**Records for the exercise**
[Start of Attachment]

(* Let $X$ be a real normed linear space, $x\in X\setminus\{\theta\}$ and $\varepsilon\in[0,2)$. Then the following are equivalent: (i) $x$ is $\varepsilon$-smooth, i.e. $\operatorname{diam} J(x)\le\varepsilon$; (ii) $\sup_{y\in S_X}\{\rho'_+(x,y)-\rho'_-(x,y)\}\le\varepsilon\|x\|$.
   Context: $S_X$ is the unit sphere of $X$, $X^*$ the dual space, $S_{X^*}$ its unit sphere. For $x\neq\theta$, $J(x)=\{f\in S_{X^*}: f(x)=\|x\|\}$ is the set of supporting functionals at $x$, and $\operatorname{diam}A=\sup_{f,g\in A}\|f-g\|$. The norm derivatives are $\rho'_{+}(x,y)=\lim_{\lambda\to0^+}\frac{\|x+\lambda y\|^2-\|x\|^2}{2\lambda}$ and $\rho'_{-}(x,y)=\lim_{\lambda\to0^-}\frac{\|x+\lambda y\|^2-\|x\|^2}{2\lambda}$. *)

From HB Require Import structures.
From mathcomp Require Import all_boot all_order all_algebra.
From mathcomp Require Import all_classical all_reals all_analysis.
Set Implicit Arguments. Unset Strict Implicit. Unset Printing Implicit Defensive.
Import Order.TTheory GRing.Theory Num.Theory.
Import numFieldNormedType.Exports.
Local Open Scope classical_set_scope.
Local Open Scope ring_scope.

Section Defs.
Context {R : realType} {X : normedModType R}.

Definition is_dual (f : X -> R) : Prop :=
  (forall (a : R) (u v : X), f (a *: u + v) = a * f u + f v) /\ continuous f.

Definition dual_norm (f : X -> R) : R :=
  sup [set `|f y| | y in [set y : X | `|y| <= 1]].

Definition J (x : X) : set (X -> R) :=
  [set f | is_dual f /\ dual_norm f = 1 /\ f x = `|x|].

Definition diam_le (A : set (X -> R)) (eps : R) : Prop :=
  forall f g, A f -> A g -> dual_norm (f \- g) <= eps.

Definition eps_smooth (x : X) (eps : R) : Prop := diam_le (J x) eps.

Definition rho_quot (x y : X) (l : R) : R :=
  (`|x + l *: y| ^+ 2 - `|x| ^+ 2) / (2 * l).

Definition rho_plus (x y : X) : R := lim (rho_quot x y @ at_right 0).
Definition rho_minus (x y : X) : R := lim (rho_quot x y @ at_left 0).

End Defs.

From HB Require Import structures.
From mathcomp Require Import all_boot all_order all_algebra.
From mathcomp Require Import all_classical all_reals all_analysis.
From mathcomp Require Import ring lra.
Import Order.TTheory GRing.Theory Num.Theory.
Import numFieldNormedType.Exports.
Local Open Scope classical_set_scope.
Local Open Scope ring_scope.

(* Both norm derivatives are governed by the one-sided derivative of the norm,
   [tau(x, v) = lim_{t -> 0+} (|x + t v| - |x|) / t], which is sublinear in v:
   [rho'_+(x, y) = tau(x, y) |x|] and [rho'_-(x, y) = - tau(x, -y) |x|].
   The supporting functionals at x are exactly the linear functionals below
   [tau(x, .)], so for every f, g in J(x) we get [f y - g y <= tau(x, y) + tau(x, -y)],
   which gives (ii) -> (i) after rescaling.  Conversely, Hahn-Banach extends
   [t y |-> t tau(x, y)] and [t y |-> - t tau(x, -y)] to two supporting
   functionals whose difference at y attains [tau(x, y) + tau(x, -y)]. *)

Section NormDerivative.
Context {R : realType} {X : normedModType R} (x : X).

Definition norm_quot (v : X) (t : R) : R := (`|x + t *: v| - `|x|) / t.

Definition norm_der (v : X) : R := inf [set norm_quot v t | t in `]0, +oo[].

Lemma norm_quot_ge v (t : R) : 0 < t -> - `|v| <= norm_quot v t.
Proof.
move=> t0; rewrite /norm_quot ler_pdivlMr // mulNr.
have := ler_normD (x + t *: v) (- (t *: v)).
rewrite addrK normrN normrZ gtr0_norm // [t * _]mulrC; lra.
Qed.

Lemma norm_quot_le v (t : R) : 0 < t -> norm_quot v t <= `|v|.
Proof.
move=> t0; rewrite /norm_quot ler_pdivrMr //.
have := ler_normD x (t *: v).
rewrite normrZ gtr0_norm // [t * _]mulrC; lra.
Qed.

(* Convexity of [t |-> |x + t v|]: [x + s v] lies on the segment from x to [x + t v]. *)
Lemma norm_quot_le_quot v (s t : R) : 0 < s -> s <= t -> norm_quot v s <= norm_quot v t.
Proof.
move=> s0 st; have t0 : 0 < t by apply: lt_le_trans st.
set l := s / t.
have l0 : 0 <= l by rewrite divr_ge0 // ltW.
have l1 : l <= 1 by rewrite ler_pdivrMr // mul1r.
have seg : x + s *: v = (1 - l) *: x + l *: (x + t *: v).
  by rewrite scalerDr scalerA divfK ?gt_eqF // scalerBl scale1r addrA subrK.
have conv : `|x + s *: v| <= (1 - l) * `|x| + l * `|x + t *: v|.
  rewrite seg (le_trans (ler_normD _ _)) // !normrZ -?normrM !ger0_norm ?subr_ge0 //.
rewrite /norm_quot ler_pdivrMr //.
have -> : (`|x + t *: v| - `|x|) / t * s = l * (`|x + t *: v| - `|x|) by rewrite /l; ring.
lra.
Qed.
(* For $n\in\mathbb{N}$ let $f_n(z)=\big(\frac{z-1}{z+1}\big)^n$, $z\in\mathbb{C}_+$. Then $f_n\in\mathcal{B}$ and $\|f_n\|_{\mathcal{B}}\le3+2\log(2n)$ for each $n\in\mathbb{N}$.
   Context: $\mathbb{C}_+=\{\Re z>0\}$. $\mathcal{B}$ is the space of holomorphic $f$ on $\mathbb{C}_+$ with $\int_0^\infty\sup_{y}|f'(x+iy)|dx<\infty$, normed by $\|f\|_{\mathcal{B}}=\sup_{\mathbb{C}_+}|f|+\int_0^\infty\sup_{y\in\mathbb{R}}|f'(x+iy)|\,dx$. *)

From mathcomp Require Import all_boot all_order all_algebra.
From mathcomp Require Import all_classical all_reals all_analysis.
From mathcomp.real_closed Require Import complex.
Set Implicit Arguments.
Unset Strict Implicit.
Unset Printing Implicit Defensive.
Import Order.TTheory GRing.Theory Num.Theory.
Import numFieldNormedType.Exports.
Local Open Scope classical_set_scope.
Local Open Scope ring_scope.

Section Hardy.
Variable R : realType.

Definition cabs (z : R[i]) : R :=
  Num.sqrt (complex.Re z ^+ 2 + complex.Im z ^+ 2).

Definition Cplus : set R[i] := [set z | 0 < complex.Re z].

(* f is holomorphic on D: complex differentiable at every point of D
   (derivable over the field R[i], i.e. complex derivative exists) *)
Definition holomorphic_on (f : R[i]^o -> R[i]^o) (D : set R[i]) : Prop :=
  forall z, D z -> derivable f z 1.

Definition cderiv (f : R[i]^o -> R[i]^o) (z : R[i]) : R[i] := 'D_1 f z.

Definition sup_abs_deriv (f : R[i]^o -> R[i]^o) (x : R) : \bar R :=
  ereal_sup [set (cabs (cderiv f (Complex x y)))%:E | y in [set: R]].

Definition B_integral (f : R[i]^o -> R[i]^o) : \bar R :=
  (\int[@lebesgue_measure R]_(x in `]0%R, +oo[%classic) sup_abs_deriv f x)%E.

Definition sup_abs (f : R[i]^o -> R[i]^o) : \bar R :=
  ereal_sup [set (cabs (f z))%:E | z in Cplus].

Definition in_B (f : R[i]^o -> R[i]^o) : Prop :=
  holomorphic_on f Cplus /\ (B_integral f < +oo)%E.

Definition B_norm (f : R[i]^o -> R[i]^o) : \bar R :=
  (sup_abs f + B_integral f)%E.

Definition fn (n : nat) : R[i]^o -> R[i]^o :=
  fun z : R[i] => ((z - 1) / (z + 1)) ^+ n.

End Hardy.

(* Write z = x + iy with x > 0, p = |z - 1| and q = |z + 1|, so that
   q^2 = p^2 + 4x, q >= 1 + x and r = p/q <= 1.  Then |f_n(z)| = r^n <= 1 and
   |f_n'(z)| = 2n r^(n-1) / q^2.  This is at most 2n/(1+x)^2, and also at most
   1/x because x |f_n'(z)| = n r^(n-1) (1 - r^2)/2 <= n r^(n-1) (1 - r)
   <= 1 - r^n.  Hence sup_y |f_n'(x+iy)| <= min(2n/(1+x)^2, 1/x), whose
   integrals over ]0, 1/(2n)[, [1/(2n), 2n] and ]2n, oo[ are at most 1,
   2 log(2n) and 1. *)

From mathcomp Require Import all_boot all_order all_algebra.
From mathcomp Require Import all_classical all_reals all_analysis.
From mathcomp Require Import measurable_realfun.
From mathcomp.real_closed Require Import complex.
From mathcomp.algebra_tactics Require Import ring lra.
Set Implicit Arguments.
Unset Strict Implicit.
Unset Printing Implicit Defensive.
Import Order.TTheory GRing.Theory Num.Theory.
Import numFieldNormedType.Exports.
Local Open Scope ring_scope.
Local Open Scope classical_set_scope.

Lemma natr_exprn_subr_le1 (R : realDomainType) (n : nat) (r : R) :
  0 <= r -> r <= 1 -> n%:R * r ^+ n.-1 * (1 - r) <= 1.
Proof.
move=> r0 r1.
have geometric : 1 - r ^+ n = (1 - r) * \sum_(i < n) r ^+ i.
  by rewrite -opprB subrX1 -mulNr opprB.
have sum_ge : n%:R * r ^+ n.-1 <= \sum_(i < n) r ^+ i.
  rewrite mulr_natl -[in X in _ *+ X](card_ord n) -sumr_const.
  apply: ler_sum => i _; apply: ler_wiXn2l => //.
  by rewrite -ltnS (ltn_predK (ltn_ord i)).
have subr1_ge0 : 0 <= 1 - r by rewrite subr_ge0.
apply: le_trans (_ : 1 - r ^+ n <= 1); last by rewrite lerBlDr lerDl exprn_ge0.
by rewrite geometric mulrC ler_wpM2l.
Qed.

Lemma natr_exprn_subr_sqr_le2 (R : realDomainType) (n : nat) (r : R) :
  0 <= r -> r <= 1 -> n%:R * r ^+ n.-1 * (1 - r ^+ 2) <= 2.
Proof.
move=> r0 r1; have := natr_exprn_subr_le1 n r0 r1.
have : 0 <= n%:R * r ^+ n.-1 by rewrite mulr_ge0 ?exprn_ge0.
have : 0 <= 1 - r by rewrite subr_ge0.
nra.
Qed.

Lemma is_deriveV_numField (R : numFieldType) (V : normedModType R) (f : V -> R)
    (x v : V) (df : R) :
  f x != 0 -> is_derive x v f df ->
  is_derive x v (fun y => (f y)^-1) (- (f x) ^- 2 *: df).
Proof.
move=> fx0 [fd <-]; apply: DeriveDef; first exact: derivableV.
exact: deriveV.
Qed.

(* The integral of a nonnegative function is a supremum over simple minorants,
   so it is monotone without any measurability; sup_y |f_n'(x+iy)| is not
   known to be measurable. *)
Lemma ge0_le_integral_nonmeasurable d (T : measurableType d) (R : realType)
    (mu : {measure set T -> \bar R}) (D : set T) (f g : T -> \bar R) :
  (forall x, D x -> (0 <= f x)%E) -> (forall x, D x -> (f x <= g x)%E) ->
  (\int[mu]_(x in D) f x <= \int[mu]_(x in D) g x)%E.
Proof.
move=> f0 fg.
have g0 x : D x -> (0 <= g x)%E by move=> Dx; exact: le_trans (f0 x Dx) (fg x Dx).
rewrite (ge0_integralE mu f0) (ge0_integralE mu g0).
apply: ereal_sup_le => _ [h hf <-]; exists h => // x.
apply: le_trans (hf x) _; rewrite /patch; case: ifP => // /[!inE]; exact: fg.
Qed.
Lemma std_rank_perm_on s t : perm_on window s ->
  std_rank (s * pi) t = rank_in (fun x => val (pi x)) window (pi (s (shift t))).
Proof.
move=> hs; rewrite -(im_perm_on hs) -imset_shift -imset_comp rank_in_imset.
  by rewrite /std_rank permM; apply: eq_card => u; rewrite !inE /= permM.
by move=> u1 u2 /= /perm_inj/shift_inj.
Qed.

Lemma std_mul_inj : {in perm_on window &, injective (fun s => std (s * pi))}.
Proof.
move=> s1 s2 h1 h2 /= e; apply/permP => x.
case: (boolP (x \in window)) => hx; last by rewrite (out_perm h1 hx) (out_perm h2 hx).
move: hx; rewrite -imset_shift => /imsetP [t _ ->].
have := pval_std (s1 * pi) t; rewrite e pval_std !std_rank_perm_on // => /esym.
have in_window s : perm_on window s -> s (shift t) \in window.
  by move=> hs; rewrite (perm_closed _ hs) -imset_shift imset_f.
move/(rank_in_inj _ (in_window _ h1) (in_window _ h2)); apply.
by move=> y1 y2 _ _ /val_inj/perm_inj.
Qed.

Lemma std_mul_onto : [set std (s * pi) | s in perm_on window] = setT.
Proof.
apply/eqP; rewrite eqEcard subsetT /= cardsT card_in_imset; last exact: std_mul_inj.
by rewrite card_perm card_window card_Sn.
Qed.

Lemma card_window_avoids k (r : 'S_k) : 0 < k ->
  #|[set s | perm_on window s && window_avoids (s * pi) a (a + L) r]|
  = #|[set q : 'S_L | ~~ gcontains (oneline r) consec_dash q]|.
Proof.
move=> hk; set S := [set s | _].
have inj : {in S &, injective (fun s => std (s * pi))}.
  by move=> s1 s2; rewrite !inE => /andP[h1 _] /andP[h2 _]; apply: std_mul_inj.
rewrite -(card_in_imset inj); apply: eq_card => q; rewrite [in RHS]inE.
apply/imsetP/idP => [[s] | hq].
  by rewrite inE => /andP[hs]; rewrite window_avoidsE // => hq ->.
have : q \in [set std (s * pi) | s in perm_on window] by rewrite std_mul_onto inE.
case/imsetP => s hs eq; exists s => //.
rewrite inE; apply/andP; split; first exact: hs.
by rewrite window_avoidsE // -eq.
Qed.

End Standardization.

Section Averaging.
Local Open Scope ring_scope.
Variables (gT : finGroupType) (R : numFieldType) (G : gT -> {set gT}).
Hypothesis G1 : forall x, 1%g \in G x.
Hypothesis GV : forall x s, s \in G x -> s^-1%g \in G x.
Hypothesis G_mul : forall x s, s \in G x -> G (s * x)%g = G x.

Lemma mem_G_mulV x s : (s \in G (s^-1 * x)%g) = (s \in G x).
Proof.
apply/idP/idP => h; first by have := G_mul h; rewrite mulKVg => ->.
by rewrite G_mul // GV.
Qed.

Lemma sum_G_mul (h : gT -> R) :
  \sum_x \sum_(s in G x) h (s * x)%g = \sum_x h x * #|G x|%:R.
Proof.
under eq_bigr do rewrite big_mkcond /=.
rewrite exchange_big /=.
under eq_bigr => s _.
  rewrite (reindex_inj (mulgI s^-1%g)) /=.
  under eq_bigr => x _ do rewrite mem_G_mulV mulKVg.
  over.
rewrite exchange_big /=; apply: eq_bigr => x _.
by rewrite -big_mkcond /= sumr_const mulr_natr.
Qed.

Lemma sum_G_average (f : gT -> R) :
  \sum_x f x = \sum_x (\sum_(s in G x) f (s * x)%g) / #|G x|%:R.
Proof.
have cardG_neq0 x : #|G x|%:R != 0 :> R.
  by rewrite pnatr_eq0 -lt0n; apply/card_gt0P; exists 1%g.
transitivity (\sum_x \sum_(s in G x) (f (s * x)%g / #|G (s * x)%g|%:R)).
  by rewrite (sum_G_mul (fun x => f x / #|G x|%:R)); apply: eq_bigr => x _; rewrite divfK.
apply: eq_bigr => x _; rewrite mulr_suml; apply: eq_bigr => s hs.
by rewrite G_mul.
Qed.

Lemma eq_sum_G_average (f g : gT -> R) :
  (forall x, \sum_(s in G x) f (s * x)%g = \sum_(s in G x) g (s * x)%g) ->
  \sum_x f x = \sum_x g x.
Proof.
by move=> h; rewrite sum_G_average (sum_G_average g); apply: eq_bigr => x _; rewrite h.
Qed.

End Averaging.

[End of Attachment]

**Problem**
Provide only the count of lines in the material above that hold the word "every".

**Output of the exercise**
2